O que hei visto e refiro quem deseja
Entender, imagine, (e bem'sculpida,
Como em rocha, na mente a imagem seja)
Quinze estrelas, que luz tanta espargida
Tem por celestes regiões dif'rentes,
Que é do ar a espessura esclarecida,
Da carroça imagine as refulgentes
Rodas, sempre girando, noite e dia,
Pelos espaços do céu nosso ingentes;
Da trompa a boca mostre a fantasia,
Que lá no extremo do axe, ao qual a esfera
Primeira contorneia, principia.
Se em signos dois tais astros considera,
Iguais à c'roa que no céu fulgura,
Dês que Ariadne à morte se rendera;
E, os raios misturando da luz pura,
Para lados contrários se movendo
Aqueles circ'los dois na etérea altura:
Imagine, mas quase a sombra tendo
Dos versos astros, dessa dupla dança,
Que em torno a nós estava se volvendo.
Que a verdade essa imagem tanto alcança,
Quanto a Chiana a rapidez imita
Do céu, que a todos os mais céus se avança.
Nem Pean cantam, nem de Baco a grita;
Mas Três Pessoas com divina essência
E numa o humano ser, que a Deus se adita.

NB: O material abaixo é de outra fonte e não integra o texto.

Theorem proposition4p4 (g1 g2 : ps) :
  convergent g1 -> convergent g2 ->
  vanishes_at_0 g1 -> vanishes_at_0 g2 ->
  curve_alg_isolated_sing (g1 :: g2 :: nil) ->
  finite_codim (ps_t :: g1 :: g2 :: nil) ->
  finite_codim (ps_t :: subst_t_sq g1 :: subst_t_sq g2 :: nil) /\
  curve_alg_isolated_sing (subst_t_sq g1 :: subst_t_sq g2 :: nil).
Proof.
intros Hc1 Hc2 Hv1 Hv2 [_ [_ [Hproper HW]]] HJ.
split; [exact (finite_codim_t_subst_t_sq (g1 :: g2 :: nil) HJ)|].
split; [repeat constructor; apply convergent_subst_t_sq; assumption|].
split; [repeat constructor; assumption|].
split; [|apply finite_codim_W_gens_subst_t_sq; assumption].
intros H1; apply Hproper; rewrite <- even_part_one.
exact (in_ideal_even_part _ _ _ (W_gens_subst_t_sq g1 g2) H1).
Qed.
Lemma max_abs_entry_ge0 m k (T : 'M[R]_(m, k)) : 0 <= max_abs_entry T.
Proof.
have max_ge0 (x y : R) : 0 <= x -> 0 <= y -> 0 <= Num.max x y.
  by move=> x_ge0 _; rewrite le_max x_ge0.
apply: (big_ind (fun x => 0 <= x)) => // i _.
exact: (big_ind (fun x => 0 <= x)).
Qed.

Lemma sorted_nth_ge (s : seq R) (t : R) r : sorted (fun x y => y <= x) s -> (0 < r)%N ->
  (r <= count (fun x => (t <= x)%R) s)%N -> t <= nth 0 s r.-1.
Proof.
elim: s r => [|x s IHs] [|[|r]] //= s_sorted _ r_le.
  have : has (fun x => t <= x) (x :: s) by rewrite has_count (leq_trans _ r_le).
  case/hasP=> z; rewrite inE => /orP[/eqP-> //|z_in tz].
  have := order_path_min (fun y x z (yx : y <= x) (zy : z <= y) => le_trans zy yx) s_sorted.
  by move/allP/(_ z z_in); apply: le_trans.
apply: (IHs r.+1) => //; first exact: path_sorted s_sorted.
by move: r_le; case: (t <= x) => //= /ltnW.
Qed.

Lemma kth_max_ge m r (v : 'cV[R]_m) (t : R) : (0 < r)%N ->
  (r <= count (fun l => (t <= v l 0)%R) (enum 'I_m))%N -> t <= kth_max r v.
Proof.
move=> r_gt0 r_le; apply: sorted_nth_ge => //.
  by apply: sort_sorted => x y; exact: le_total.
by rewrite (permP (permEl (perm_sort _ _))) count_map.
Qed.

Lemma kth_max_absv_ge m r (v : 'cV[R]_m) (t : R) (P : pred 'I_m) :
  (0 < r)%N -> 0 <= t -> (r <= count P (enum 'I_m))%N ->
  (forall l, P l -> t ^+ 2 <= v l 0 ^+ 2) -> t <= kth_max r (absv v).
Proof.
move=> r_gt0 t_ge0 r_le P_hit.
apply: kth_max_ge r_gt0 (leq_trans r_le (sub_count _ _)) => l /P_hit.
by rewrite absvE -(real_normK (num_real (v l 0))) ler_sqr ?nnegrE ?normr_ge0.
Qed.

Lemma kth_max_absv_ge0 m r (v : 'cV[R]_m) : 0 <= kth_max r (absv v).
Proof.
rewrite /kth_max; set s := sort _ _.
have s_ge0 : all (fun x => 0 <= x) s.
  by rewrite all_sort all_map; apply/allP => l _; rewrite /= absvE.
have [r_lt|r_ge] := ltnP r.-1 (size s); last by rewrite nth_default.
exact: (allP s_ge0) _ (mem_nth 0 r_lt).
Qed.
End OrderStatistics.

Section RandomRestriction.
Variables (R : realFieldType) (d : R) (k m : nat) (T : 'M[R]_(m, k)) (y : 'cV[R]_k).
Hypotheses (d_gt0 : 0 < d) (d_le1 : d <= 1) (dk_ge12 : 12 <= d * k%:R).
Hypotheses (m_ge4 : (4 <= m)%N) (y_sphere : on_sphere y).
Let a := min_coord (absv (T *m y)).
Hypotheses (a_gt0 : 0 < a).
Hypothesis T_small : max_abs_entry T ^+ 2 * 2 ^+ 28 <= d ^+ 4 * a ^+ 2 * k%:R.

Let X := d * k%:R.
Let B := [set j : 'I_k | 2 <= y j 0 ^+ 2 * X].
Let row (l : 'I_m) := [seq if j \in B then 0 else T l j * y j 0 | j <- enum 'I_k].
Let rowB (l : 'I_m) := \sum_(j in B) T l j * y j 0.
Let sel (s : seq bool) := [set j : 'I_k | nth false s j && (j \notin B)].

Lemma card_large_coords : #|B|%:R * 2 <= X.
Proof.
rewrite natr_card mulr_suml.
apply: le_trans (_ : (\sum_(j < k) y j 0 ^+ 2) * X <= _); last by rewrite y_sphere mul1r.
rewrite mulr_suml; apply: ler_sum => j _.
rewrite inE; have [|_] /= := leP 2 (y j 0 ^+ 2 * X); first by rewrite mul1r.
by rewrite mul0r mulr_ge0 ?sqr_ge0 // /X; have := dk_ge12; lra.
Qed.

Lemma row_small l x : x \in row l -> x ^+ 2 * 2 ^+ 27 <= d ^+ 3 * a ^+ 2.
Proof.
case/mapP=> j _ ->; case: ifP => [_|].
  by rewrite expr0n mul0r mulr_ge0 ?exprn_ge0 ?sqr_ge0 ?ltW.
rewrite inE => /negbT; rewrite -ltNge => y_small.
have T_le : T l j ^+ 2 <= max_abs_entry T ^+ 2.
  rewrite -(real_normK (num_real (T l j))) ler_sqr ?nnegrE ?normr_ge0 ?max_abs_entry_ge0 //.
  exact: max_abs_entry_ge.
have y2_ge0 := sqr_ge0 (y j 0).
have := ler_wpM2r y2_ge0 T_le; have := ler_wpM2r y2_ge0 T_small.
have := ler_wpM2l (mulr_ge0 (exprn_ge0 3 (ltW d_gt0)) (sqr_ge0 a)) (ltW y_small).
have := d_gt0; rewrite /X; lra.
Qed.

Lemma row_total l : a ^+ 2 <= (rowB l + \sum_(x <- row l) x) ^+ 2.
Proof.
have -> : rowB l + \sum_(x <- row l) x = (T *m y) l 0.
  rewrite big_map big_enum /= /rowB big_mkcond -big_split mxE /=.
  by apply: eq_bigr => j _; case: ifP; rewrite ?addr0 ?add0r.
have := min_coord_le (absv (T *m y)) l; rewrite absvE -/a => a_le.
by rewrite -(real_normK (num_real ((T *m y) l 0))) ler_sqr ?nnegrE ?normr_ge0 // ltW.
Qed.

Lemma sel_card_le s : #|sel s|%:R <= selsum (nseq k (1 : R)) s.
Proof.
rewrite natr_card selsum_nth size_nseq; apply: ler_sum => j _.
by rewrite inE nth_nseq ltn_ord; case: (nth false s j) => //=; case: (j \in B).
Qed.

Lemma sel_card_tail : Ebern (d / 32) k (fun s => '1(~~ (#|sel s|%:R <= X / 2))) <= 3 / 250.
Proof.
have X_ge12 : 12 <= X := dk_ge12.
have p_ge0 : 0 <= d / 32 by have := d_gt0; lra.
have p_le1 : d / 32 <= 1 by have := d_le1; lra.
have mean : d / 32 * k%:R = X / 32 by rewrite /X; ring.
have u_gt0 : 0 < 15 * X / 32 by lra.
pose tail s := '1(d / 32 * k%:R + 15 * X / 32 < selsum (nseq k 1) s) : R.
apply: le_trans (_ : Ebern (d / 32) k tail <= _).
  apply: ler_Ebern => // s; rewrite /tail mean -ltNge.
  have [card_gt|] //= := ltP (X / 2) (#|sel s|%:R).
  by have := sel_card_le s; case: ltP => //=; lra.
apply: le_trans (selsum_ones_tail p_ge0 p_le1 k u_gt0) _.
rewrite mean ler_pdivrMr ?exprn_gt0 //.
by have := ler_wpM2l (le_trans (ler0n R 12) X_ge12) X_ge12; lra.
Qed.

Lemma coordproj_sel l s : (T *m coordproj (sel s) y) l 0 = selsum (row l) s.
Proof.
rewrite mxE selsum_enum; apply: eq_bigr => j _; rewrite mxE inE.
by case: (nth false s j); case: (j \in B); rewrite /= ?mulr0.
Qed.

Lemma coordproj_Bsel l s :
  (T *m coordproj (B :|: sel s) y) l 0 = rowB l + selsum (row l) s.
Proof.
rewrite mxE selsum_enum /rowB [\sum_(j in B) _]big_mkcond -big_split.
apply: eq_bigr => j _.
rewrite mxE in_setU [j \in sel s]inE.
by case: (nth false s j); case: (j \in B); rewrite /= ?mulr0 ?addr0 ?add0r.
Qed.

Lemma restriction_exists : exists J : {set 'I_k}, #|J|%:R <= X /\
  (2 ^+ 14)^-1 * d ^+ 2 * a <= kth_max (m %/ 4) (absv (T *m coordproj J y)).
Proof.
set t := (2 ^+ 14)^-1 * d ^+ 2 * a; set r := (m %/ 4)%N.
have p_ge0 : 0 <= d / 32 by have := d_gt0; lra.
have p_le1 : d / 32 <= 1 by have := d_le1; lra.
have t_ge0 : 0 <= t by rewrite /t mulr_ge0 ?mulr_ge0 ?sqr_ge0 ?invr_ge0 ?exprn_ge0 // ltW.
have t_small : t ^+ 2 * 2 ^+ 28 <= d ^+ 4 * a ^+ 2.
  by rewrite (_ : t ^+ 2 * _ = d ^+ 4 * a ^+ 2) // /t; field.
have hits l : 16 / 25 <= Ebern (d / 32) k (fun s => '1(t ^+ 2 <= selsum (row l) s ^+ 2))
    + Ebern (d / 32) k (fun s => '1(t ^+ 2 <= (rowB l + selsum (row l) s) ^+ 2)).
  have := selsum_hit_pair p_ge0 p_le1 erefl d_gt0 d_le1 a_gt0 (@row_small l) t_small
    (row_total l).
  by rewrite /row size_map size_enum_ord.
have r_gt0 : (0 < r)%N by rewrite divn_gt0.
have r_le : (4 * r <= m)%N by rewrite mulnC leq_trunc_div.
have m_gt0 : (0 < m)%N by apply: leq_trans m_ge4.
have rho_gt : 1 / 2 < 16 / 25 - 2 * (3 / 250) :> R by lra.
have [s [card_s]] := Ebern_many_hits p_ge0 p_le1 m_gt0 r_le rho_gt sel_card_tail hits.
have B_card := card_large_coords.
case/orP=> [hit1|hit2].
  exists (sel s); split; first by move: card_s; have := dk_ge12; rewrite /X; lra.
  by apply: kth_max_absv_ge r_gt0 t_ge0 hit1 _ => l /=; rewrite coordproj_sel.
exists (B :|: sel s); split.
  apply: le_trans (_ : (#|B| + #|sel s|)%:R <= _); first by rewrite ler_nat cardsU leq_subr.
  by rewrite natrD; move: card_s B_card; rewrite /X; lra.
by apply: kth_max_absv_ge r_gt0 t_ge0 hit2 _ => l /=; rewrite coordproj_Bsel.
Qed.
End RandomRestriction.

Lemma sqr_le_mul_sqrt (R : rcfType) (x t c : R) :
  0 <= x -> 0 <= c -> x < t * Num.sqrt c -> x ^+ 2 <= t ^+ 2 * c.
Proof.
move=> x_ge0 c_ge0 x_lt; rewrite -(sqr_sqrtr c_ge0) -exprMn ler_sqr ?nnegrE ?(ltW x_lt) //.
exact: le_trans x_ge0 (ltW x_lt).
Qed.

Theorem lemma4p1 (R : realType) :
  exists C : R, 0 < C /\
  forall (delta : R) (k m : nat) (T : 'M[R]_(m, k)) (y : 'cV[R]_k),
    0 < delta -> delta <= 1 ->
    12 / delta ^+ 2 <= k%:R ->
    (4 <= m)%N ->
    on_sphere y ->
    exists J : {set 'I_k},
      (#|J|%:R <= delta * k%:R) /\
      C^-1 * delta ^+ 2 * min_coord (absv (T *m y))
        <= max_abs_entry T / Num.sqrt (k%:R)
           + kth_max (m %/ 4) (absv (T *m coordproj J y)).
Proof.
exists (2 ^+ 14); split; first exact: exprn_gt0.
move=> d k m T y d_gt0 d_le1 k_ge m_ge4 y_sphere.
set a := min_coord _; set M := max_abs_entry T; set sk := Num.sqrt k%:R.
set t := (2 ^+ 14)^-1 * d ^+ 2 * a.
have dk_ge12 : 12 <= d * k%:R.
  rewrite ler_pdivrMr ?exprn_gt0 // expr2 in k_ge.
  by have := ler_wpM2l (ler0n R k) (ler_piMl (ltW d_gt0) d_le1); lra.
have k_gt0 : 0 < k%:R :> R by have := ler_wpM2r (ler0n R k) d_le1; lra.
have sk_gt0 : 0 < sk by rewrite sqrtr_gt0.
have M_ge0 : 0 <= M := max_abs_entry_ge0 T.
have [small|large] := lerP t (M / sk).
  exists set0; split; first by rewrite cards0 mulr_ge0 ?ltW.
  by have := kth_max_absv_ge0 (m %/ 4) (T *m coordproj set0 y); lra.
have t_gt0 : 0 < t := le_lt_trans (divr_ge0 M_ge0 (ltW sk_gt0)) large.
have a_gt0 : 0 < a by move: t_gt0; rewrite /t pmulr_rgt0 // mulr_gt0 ?invr_gt0 ?exprn_gt0.
have T_small : M ^+ 2 * 2 ^+ 28 <= d ^+ 4 * a ^+ 2 * k%:R.
  have t_sq : t ^+ 2 * 2 ^+ 28 = d ^+ 4 * a ^+ 2 by rewrite /t; field.
  rewrite -t_sq [leRHS]mulrAC ler_pM2r ?exprn_gt0 //.
  by apply: sqr_le_mul_sqrt => //; rewrite -ltr_pdivrMr.
have [J [J_card J_hit]] := restriction_exists d_gt0 d_le1 dk_ge12 m_ge4 y_sphere a_gt0 T_small.
by exists J; split => //; apply: le_trans J_hit _; rewrite lerDr divr_ge0 // ltW.
Qed.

Os hinos tendo e a dança intermitência
Em nós os santos lumes se fitaram;
Compraz-lhes dos cuidados a sequência.
O silêncio que os coros dois formaram,
As vozes rompem, que a espantosa vida
Do mendigo de Deus me recontaram.
— "Quando a palha é do trigo dividida,
Quando a colheita fica enceleirada,
A bater outra doce Amor convida.
"Crês que ao peito onde a costa foi tirada
Para a boca gentil formar motivo
Da pena ao mundo inteiro fulminada,
"E ao da aguda lança o golpe esquivo
Padeceu e a balança, em morte e vida,
Da culpa alçou com peso decisivo,
"Quanta ciência aos homens permitida
Ser poderia pela mão divina,
Que um e outro criou, fora infundida.
"Tua mente, pois, a dúvidas se inclina
Me ouvindo que em ciência sem segundo
Subira quem a luz quinta domina.
"Olhos abre à razão, em que me afundo:
Com teu crer confundida tens de vê-la
Na verdade, qual centro num rotundo.